En vez de Estado, lo que tenemos es un paquidermo en esteroides, ahogado en grasa inútil que le impide el cumplimiento de sus fines".

Todavía está pendiente en el Paraguay un gran deba­te: definir qué Estado es el que necesitamos. Porque el que tenemos no nos sir­ve, al menos para los fines de un país en desarrollo, con oportunidades para todos. En vez de Estado, lo que tenemos es un paqui­dermo en esteroides, aho­gado en grasa inútil que le impide el cumplimiento de sus fines. Veamos:

Estado empleador: Entelequia degenerada por la endogamia, que solo existe para emplear recomendados y hordas de políticos planilleros que se transmiten los cargos por herencia familiar durante generaciones. Esta parasitosis crónica ahoga el núcleo de fun­cionarios de carrera que podría hacerlo funcionar mejor si se desprendiera de su costra grasosa.

Estado empresario: Ineficiente, minado por la corrupción y administrado por camadas de incom­petentes. Ya se probó que no sirve para producir cemento, alcohol, combus­tibles, telecomunicaciones o acero. Solo funciona a base de subsidios, en su mayor parte gastados en mantener legiones de empleados innecesarios.

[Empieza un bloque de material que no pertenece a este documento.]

Record is_bicat (B : bicat_data) : Prop := {
  vcomp_assoc : forall (a b : ob B) (f g h k : hom a b)
      (x : cell h k) (y : cell g h) (z : cell f g), x ∘ (y ∘ z) = (x ∘ y) ∘ z;
  id2_left : forall (a b : ob B) (f g : hom a b) (x : cell f g), id2 g ∘ x = x;
  id2_right : forall (a b : ob B) (f g : hom a b) (x : cell f g), x ∘ id2 f = x;
  lwhisk_id2 : forall (a b c : ob B) (h : hom b c) (f : hom a b), h ◃ id2 f = id2 (h · f);
  id2_rwhisk : forall (a b c : ob B) (f : hom b c) (h : hom a b), id2 f ▹ h = id2 (f · h);
  lwhisk_vcomp : forall (a b c : ob B) (h : hom b c) (f g k : hom a b)
      (x : cell g k) (y : cell f g), (h ◃ x) ∘ (h ◃ y) = h ◃ (x ∘ y);
  rwhisk_vcomp : forall (a b c : ob B) (f g k : hom b c) (h : hom a b)
      (x : cell g k) (y : cell f g), (x ▹ h) ∘ (y ▹ h) = (x ∘ y) ▹ h;
  vcomp_whisk : forall (a b c : ob B) (f f' : hom b c) (g g' : hom a b)
      (x : cell f f') (y : cell g g'), (f' ◃ y) ∘ (x ▹ g) = (x ▹ g') ∘ (f ◃ y);
  assoc_nat_l : forall (a b c d : ob B) (h h' : hom c d) (g : hom b c) (f : hom a b)
      (x : cell h h'), assoc h' g f ∘ ((x ▹ g) ▹ f) = (x ▹ (g · f)) ∘ assoc h g f;
  assoc_nat_m : forall (a b c d : ob B) (h : hom c d) (g g' : hom b c) (f : hom a b)
      (x : cell g g'), assoc h g' f ∘ ((h ◃ x) ▹ f) = (h ◃ (x ▹ f)) ∘ assoc h g f;
  assoc_nat_r : forall (a b c d : ob B) (h : hom c d) (g : hom b c) (f f' : hom a b)
      (x : cell f f'), assoc h g f' ∘ ((h · g) ◃ x) = (h ◃ (g ◃ x)) ∘ assoc h g f;
  lunit_nat : forall (a b : ob B) (f f' : hom a b) (x : cell f f'),
      lunit f' ∘ (id1 b ◃ x) = x ∘ lunit f;
  runit_nat : forall (a b : ob B) (f f' : hom a b) (x : cell f f'),
      runit f' ∘ x = (x ▹ id1 a) ∘ runit f;
  assoc_inv_l : forall (a b c d : ob B) (h : hom c d) (g : hom b c) (f : hom a b),
      assoc_inv h g f ∘ assoc h g f = id2 ((h · g) · f);
  assoc_inv_r : forall (a b c d : ob B) (h : hom c d) (g : hom b c) (f : hom a b),
      assoc h g f ∘ assoc_inv h g f = id2 (h · (g · f));
  lunit_inv_l : forall (a b : ob B) (f : hom a b), lunit_inv f ∘ lunit f = id2 (id1 b · f);
  lunit_inv_r : forall (a b : ob B) (f : hom a b), lunit f ∘ lunit_inv f = id2 f;
  runit_inv_l : forall (a b : ob B) (f : hom a b), runit_inv f ∘ runit f = id2 f;
  runit_inv_r : forall (a b : ob B) (f : hom a b), runit f ∘ runit_inv f = id2 (f · id1 a);
  pentagon : forall (a b c d e : ob B) (k : hom d e) (h : hom c d) (g : hom b c) (f : hom a b),
      assoc k h (g · f) ∘ assoc (k · h) g f
      = (k ◃ assoc h g f) ∘ assoc k (h · g) f ∘ (assoc k h g ▹ f);
  triangle : forall (a b c : ob B) (g : hom b c) (f : hom a b),
      (g ◃ lunit f) ∘ assoc g (id1 b) f ∘ (runit g ▹ f) = id2 (g · f)
}.

Record bicat := {
  bc_data :> bicat_data;
  bc_laws : is_bicat bc_data
}.

Definition is_invertible {B : bicat_data} {a b : ob B} {f g : hom a b} (x : cell f g) : Prop :=
  exists y : cell g f, y ∘ x = id2 f /\ x ∘ y = id2 g.

Record warping (B : bicat) := {
  wD : ob B -> ob B;
  wT : forall X Y : ob B, hom X (wD Y) -> hom (wD X) (wD Y);
  wT2 : forall (X Y : ob B) (f g : hom X (wD Y)), cell f g -> cell (wT X Y f) (wT X Y g);
  wT2_id : forall (X Y : ob B) (f : hom X (wD Y)), wT2 X Y f f (id2 f) = id2 (wT X Y f);
  wT2_comp : forall (X Y : ob B) (f g h : hom X (wD Y)) (x : cell g h) (y : cell f g),
      wT2 X Y f h (x ∘ y) = wT2 X Y g h x ∘ wT2 X Y f g y;
  wK : forall X : ob B, hom X (wD X);
  wv : forall (X Y Z : ob B) (g : hom Y (wD Z)) (f : hom X (wD Y)),
      cell (wT X Z (wT Y Z g · f)) (wT Y Z g · wT X Y f);
  wv_nat_g : forall (X Y Z : ob B) (g g' : hom Y (wD Z)) (f : hom X (wD Y)) (x : cell g g'),
      wv X Y Z g' f ∘ wT2 X Z _ _ (wT2 Y Z g g' x ▹ f)
      = (wT2 Y Z g g' x ▹ wT X Y f) ∘ wv X Y Z g f;
  wv_nat_f : forall (X Y Z : ob B) (g : hom Y (wD Z)) (f f' : hom X (wD Y)) (x : cell f f'),
      wv X Y Z g f' ∘ wT2 X Z _ _ (wT Y Z g ◃ x)
      = (wT Y Z g ◃ wT2 X Y f f' x) ∘ wv X Y Z g f;
  wv_inv : forall (X Y Z : ob B) (g : hom Y (wD Z)) (f : hom X (wD Y)),
      is_invertible (wv X Y Z g f);
  wk : forall (X Y : ob B) (f : hom X (wD Y)), cell f (wT X Y f · wK X);
  wk_nat : forall (X Y : ob B) (f f' : hom X (wD Y)) (x : cell f f'),
      wk X Y f' ∘ x = (wT2 X Y f f' x ▹ wK X) ∘ wk X Y f;
  wk_inv : forall (X Y : ob B) (f : hom X (wD Y)), is_invertible (wk X Y f);
  wv0 : forall Y : ob B, cell (wT Y Y (wK Y)) (id1 (wD Y));
  wv0_inv : forall Y : ob B, is_invertible (wv0 Y);
  W1 : forall (X Y Z W : ob B) (f : hom X (wD Y)) (g : hom Y (wD Z)) (h : hom Z (wD W)),
      assoc _ _ _ ∘ (wv Y Z W h g ▹ wT X Y f) ∘ wv X Y W (wT Z W h · g) f
      = (wT Z W h ◃ wv X Y Z g f) ∘ wv X Z W h (wT Y Z g · f)
        ∘ wT2 X W _ _ (assoc _ _ _) ∘ wT2 X W _ _ (wv Y Z W h g ▹ f);
  W2 : forall (X Y : ob B) (f : hom X (wD Y)),
      (wT X Y f ◃ wv0 X) ∘ wv X X Y f (wK X) ∘ wT2 X Y _ _ (wk X Y f) = runit (wT X Y f);
  W3 : forall (X Y : ob B) (f : hom X (wD Y)),
      lunit (wT X Y f) ∘ (wv0 Y ▹ wT X Y f) ∘ wv X Y Y (wK Y) f
      = wT2 X Y _ _ (lunit f) ∘ wT2 X Y _ _ (wv0 Y ▹ f);
  W4 : forall (X Y Z : ob B) (f : hom X (wD Y)) (g : hom Y (wD Z)),
      assoc _ _ _ ∘ (wv X Y Z g f ▹ wK X) ∘ wk X Z (wT Y Z g · f)
      = wT Y Z g ◃ wk X Y f;
  W5 : forall X : ob B,
      lunit (wK X) ∘ (wv0 X ▹ wK X) ∘ wk X X (wK X) = id2 (wK X)
}.

Arguments wD {B} w _ : rename.
Arguments wT {B} w {X Y} _ : rename.
Arguments wT2 {B} w {X Y f g} _ : rename.
Arguments wK {B} w X : rename.
Arguments wv {B} w {X Y Z} g f : rename.
Arguments wk {B} w {X Y} f : rename.
Arguments wv0 {B} w Y : rename.

Record alg_data {B : bicat} (w : warping B) := {
  aA : ob B;
  aE : forall X : ob B, hom X aA -> hom (wD w X) aA;
  aE2 : forall (X : ob B) (a b : hom X aA), cell a b -> cell (aE X a) (aE X b);
  aE2_id : forall (X : ob B) (a : hom X aA), aE2 X a a (id2 a) = id2 (aE X a);
  aE2_comp : forall (X : ob B) (a b c : hom X aA) (x : cell b c) (y : cell a b),
      aE2 X a c (x ∘ y) = aE2 X b c x ∘ aE2 X a b y;
  ae : forall (X Y : ob B) (a : hom Y aA) (x : hom X (wD w Y)),
      cell (aE X (aE Y a · x)) (aE Y a · wT w x);
  ae_nat_a : forall (X Y : ob B) (a a' : hom Y aA) (x : hom X (wD w Y)) (s : cell a a'),
      ae X Y a' x ∘ aE2 X _ _ (aE2 Y a a' s ▹ x) = (aE2 Y a a' s ▹ wT w x) ∘ ae X Y a x;
  ae_nat_x : forall (X Y : ob B) (a : hom Y aA) (x x' : hom X (wD w Y)) (s : cell x x'),
      ae X Y a x' ∘ aE2 X _ _ (aE Y a ◃ s) = (aE Y a ◃ wT2 w s) ∘ ae X Y a x;
  ae0 : forall (Y : ob B) (a : hom Y aA), cell a (aE Y a · wK w Y);
  ae0_nat : forall (Y : ob B) (a a' : hom Y aA) (s : cell a a'),
      ae0 Y a' ∘ s = (aE2 Y a a' s ▹ wK w Y) ∘ ae0 Y a
}.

Estado pirata: Como los filibusteros del siglo XVII, una verdadera hermandad de piratas se reparte las compras del Estado bajo la engañosa figura de “licitaciones” que no son sino simples entregas de negocios a unos pocos apellidos y empresas. Eso explica verdaderas fortu­nas hechas de la noche a la mañana y sin más trabajo que repartir diezmos en el Estado pirata.

¿Y el Estado servidor? Ese ha quedado postergado porque por el momento no hay plata suficiente para mantener inútiles, subven­cionar empresas ruinosas, llenar los bolsillos de sinvergüenzas y a la vez construir infraestructura y dar la salud, la educación y la seguridad que el ciuda­dano demanda a cambio de los impuestos que paga.

Alguna vez debatiremos en serio qué Estado queremos. Alguna vez…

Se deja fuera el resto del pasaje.